In 1926, after the military coup led by General Gomes da Costa, he participated actively in the counter-revolutionary process, which is why he had to go into exile between 1927 and 1932. Due to the dictatorship in force, after he returned to Portugal after this episode he did not produce any literary work for about 20 years.
The life of Pina de Morais was also marked by his literary works. From 1917 on, he collaborated actively with the newspaper A Democracia; the chronicles he wrote for this paper were compiled as a book, his first one, Ânfora Partida [The Broken Amphora] (1917). Later, in 1919, having returned from the war, he published his second book entitled Ao Parapeito [On the Window-sill], in which he described the events of the war experienced by normal men who were frail, who felt fears typical of human nature. Following Ao Parapeito, he also published O Soldado-Saudade na Grande Guerra [The Nostalgic Soldier in World War I], in 1921.
One year later, in the book A Paixão do Maestro [The Passion of the Maestro] (1922), he introduced, for the first time, the regional theme of his Douro homeland; this book marked a change in the author’s ideology, as he abandoned the nostalgic aesthetics and adopted a naturalist style in his writings. The early 1920s marked also the literary contribution of Pina de Morais among cultural groups such as Seara Nova and Renascença Portuguesa.
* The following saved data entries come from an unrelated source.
Lemma sum_proper_path_fcons k (c : 'I_n) (F : {ffun 'I_k.+1 -> 'I_n} -> R) :
  \sum_(t | proper_path c t) F t =
    \sum_(d | d != c) \sum_(t : {ffun 'I_k -> 'I_n} | proper_path d t) F (fcons d t).
Proof.
rewrite big_mkcond sum_fcons [RHS]big_mkcond; apply: eq_bigr => d _.
under eq_bigr do rewrite proper_path_fcons.
by case: (d != c) => /=; [rewrite [RHS]big_mkcond | rewrite big1].
Qed.

Lemma sum_proper_clique_fcons k (S : {set 'I_n}) (F : {ffun 'I_k.+1 -> 'I_n} -> R) :
  \sum_(c | proper_clique S c) F c =
    \sum_(b | b \notin S)
      \sum_(c : {ffun 'I_k -> 'I_n} | proper_clique (b |: S) c) F (fcons b c).
Proof.
rewrite big_mkcond sum_fcons [RHS]big_mkcond; apply: eq_bigr => b _.
under eq_bigr do rewrite proper_clique_fcons.
by case: (b \notin S) => /=; [rewrite [RHS]big_mkcond | rewrite big1].
Qed.

Lemma sum_proper_path k (ph : 'I_n -> R) (c : 'I_n) :
  \sum_(t : {ffun 'I_k -> 'I_n} | proper_path c t) weight t * ph (path_end c t) = walkn k ph c.
Proof.
elim: k c => [|k IH] c.
  rewrite big_mkcond sum_ffun0 weight_ffun0 mul1r walkn0.
  by rewrite (_ : proper_path _ _) //; apply/andP; split; apply/forallP => -[].
rewrite sum_proper_path_fcons walknS; apply: eq_bigr => d _.
under eq_bigr do rewrite weight_fcons path_end_fcons -mulrA.
by rewrite -mulr_sumr IH.
Qed.

Lemma sum_proper_clique k (S : {set 'I_n}) :
  \sum_(c : {ffun 'I_k -> 'I_n} | proper_clique S c) weight c = esym_out S k *+ k`!.
Proof.
elim: k S => [|k IH] S.
  rewrite big_mkcond sum_ffun0 weight_ffun0 esym_out0.
  by rewrite (_ : proper_clique _ _) //; apply/andP; split; apply/forallP => -[].
rewrite sum_proper_clique_fcons factS mulrnA -sum_esym_outU1 -sumrMnl.
apply: eq_bigr => b _; under eq_bigr do rewrite weight_fcons.
by rewrite -mulr_sumr IH mulrnAr.
Qed.

Lemma sum_proper_clique_head k (S : {set 'I_n}) (ps : 'I_n -> R) :
  \sum_(c : {ffun 'I_k.+1 -> 'I_n} | proper_clique S c) weight c * ps (c ord0) =
    \sum_(b | b \notin S) 'X_b * ps b * esym_out (b |: S) k *+ k`!.
Proof.
rewrite sum_proper_clique_fcons; apply: eq_bigr => b _.
under eq_bigr do rewrite weight_fcons fcons0 mulrAC.
by rewrite -mulr_sumr sum_proper_clique mulrnAr.
Qed.

End Colourings.

Section Graphs.
Variable n : nat.

Lemma proper_tail (V : finType) (e : rel V) (r : V) k (κ : {ffun V -> 'I_n})
    (t : {ffun 'I_k -> 'I_n}) :
  proper (tail_rel e r k) (fjoin κ t) = proper e κ && proper_path (κ r) t.
Proof.
rewrite proper_fjoin /proper_path -[proper (@path_rel k) t]proper_sym_closure.
congr [&& _, _ & _]; apply/forallP/forallP => [/(_ r)/forallP Pr i|Pr a].
  apply/implyP => zi; have /implyP := Pr i.
  by rewrite [t i == _]eq_sym; apply; rewrite /= eqxx zi.
apply/forallP => i; apply/implyP; rewrite /= orbb => /andP[/eqP -> zi].
by have /implyP := Pr i; rewrite [κ r == _]eq_sym; apply.
Qed.
(* Let $k\ge1$ and let $\mathcal{C}$ be a multiset of non-zero residues modulo $2^{k+1}$ such that no sub-collection of $\mathcal{C}$ sums to $2^k$ modulo $2^{k+1}$. Let $T_1(\mathcal{C})$, $T_2(\mathcal{C})$, $T_3(\mathcal{C})$ denote the results of applying a type 1, type 2, type 3 compression to $\mathcal{C}$ respectively (whenever such a compression is possible). Then $T_1(\mathcal{C})^*=\mathcal{C}^*$, $T_2(\mathcal{C})^*\subseteq\mathcal{C}^*$ and $T_3(\mathcal{C})^*\subseteq\mathcal{C}^*$. Moreover, if $T_2(\mathcal{C})$ or $T_3(\mathcal{C})$ contains $m$ pairwise disjoint non-empty sub-collections each summing to $0$ modulo $2^{k+1}$, then so does $\mathcal{C}$. Finally, if $T_1(\mathcal{C},t)$ denotes the result of a type 1 compression replacing the element $t$, and $T_1(\mathcal{C},t)$ contains $m+|t|-1$ pairwise disjoint non-empty sub-collections each summing to $0$ modulo $2^{k+1}$, then $\mathcal{C}$ contains at least $m$ such sub-collections.
   Context: Multisets are called collections; disjoint sub-collections use disjoint occurrences of elements. For a multiset $\mathcal{D}=\{a_1,\dots,a_d\}$ of residues modulo $2^{k+1}$, the iterated sumset is the set $\mathcal{D}^*=\{\sum_{i\in I}a_i \bmod 2^{k+1}: I\subseteq[d]\}$ (including the empty sum $0$). For a residue $t$ modulo $2^{k+1}$, $|t|$ denotes the minimal absolute value of an integer in the residue class of $t$. Compressions (for $\mathcal{C}$ as in the claim): Type 1: if $\mathcal{C}$ contains at least $\lambda>0$ elements each equal to $1$ or $-1$ and also an element $t$ with $1<|t|\le\lambda+1$, replace $t$ by $|t|$ copies of $1$ if $t\in[1,2^k-1]$ and by $|t|$ copies of $-1$ otherwise. Type 2: if $\mathcal{C}$ contains an element $-t$ and two copies of $2^k-t$, replace the two copies of $2^k-t$ by two copies of $-t$. Type 3: if $\mathcal{C}$ contains at least $2^{k-1}$ elements each equal to $\pm1$ and two elements $u,v$ lying in the range $[(3/2)2^{k-1},2^k-1]$, replace $u$ and $v$ by $u-2^k$ and $v-2^k$. *)

(* Residues modulo 2^(k+1) are elements of 'Z_(2 ^ k.+1)
   (a genuine ring since k >= 1 gives modulus >= 4).  Multisets
   ("collections") are sequences, considered up to permutation; a
   sub-collection is a set of indices (positions) of the sequence, so
   disjoint sub-collections use disjoint occurrences. *)
From mathcomp Require Import all_boot all_order all_algebra.
Set Implicit Arguments. Unset Strict Implicit. Unset Printing Implicit Defensive.
Import Order.TTheory GRing.Theory Num.Theory.
Local Open Scope ring_scope.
After a 20 year gap, in 1942 Pina de Morais published his most remarkable book, Sangue Plebeu [Commoner Blood]. It is a collection of short stories characterized by realism and truth, mixed with a deep sense of pictorial humanity and richness. In 1949, he published his last book, Vidas e Sombras [Lives and Shadows], which narrates the vicissitudes of human nature in a rich and illustrative language.
In the early 1950s, he suffered a stroke that left him physically and intellectually disabled. In the years that followed, his health deteriorated. He died on 29 January 1953, victim of yet another heart failure.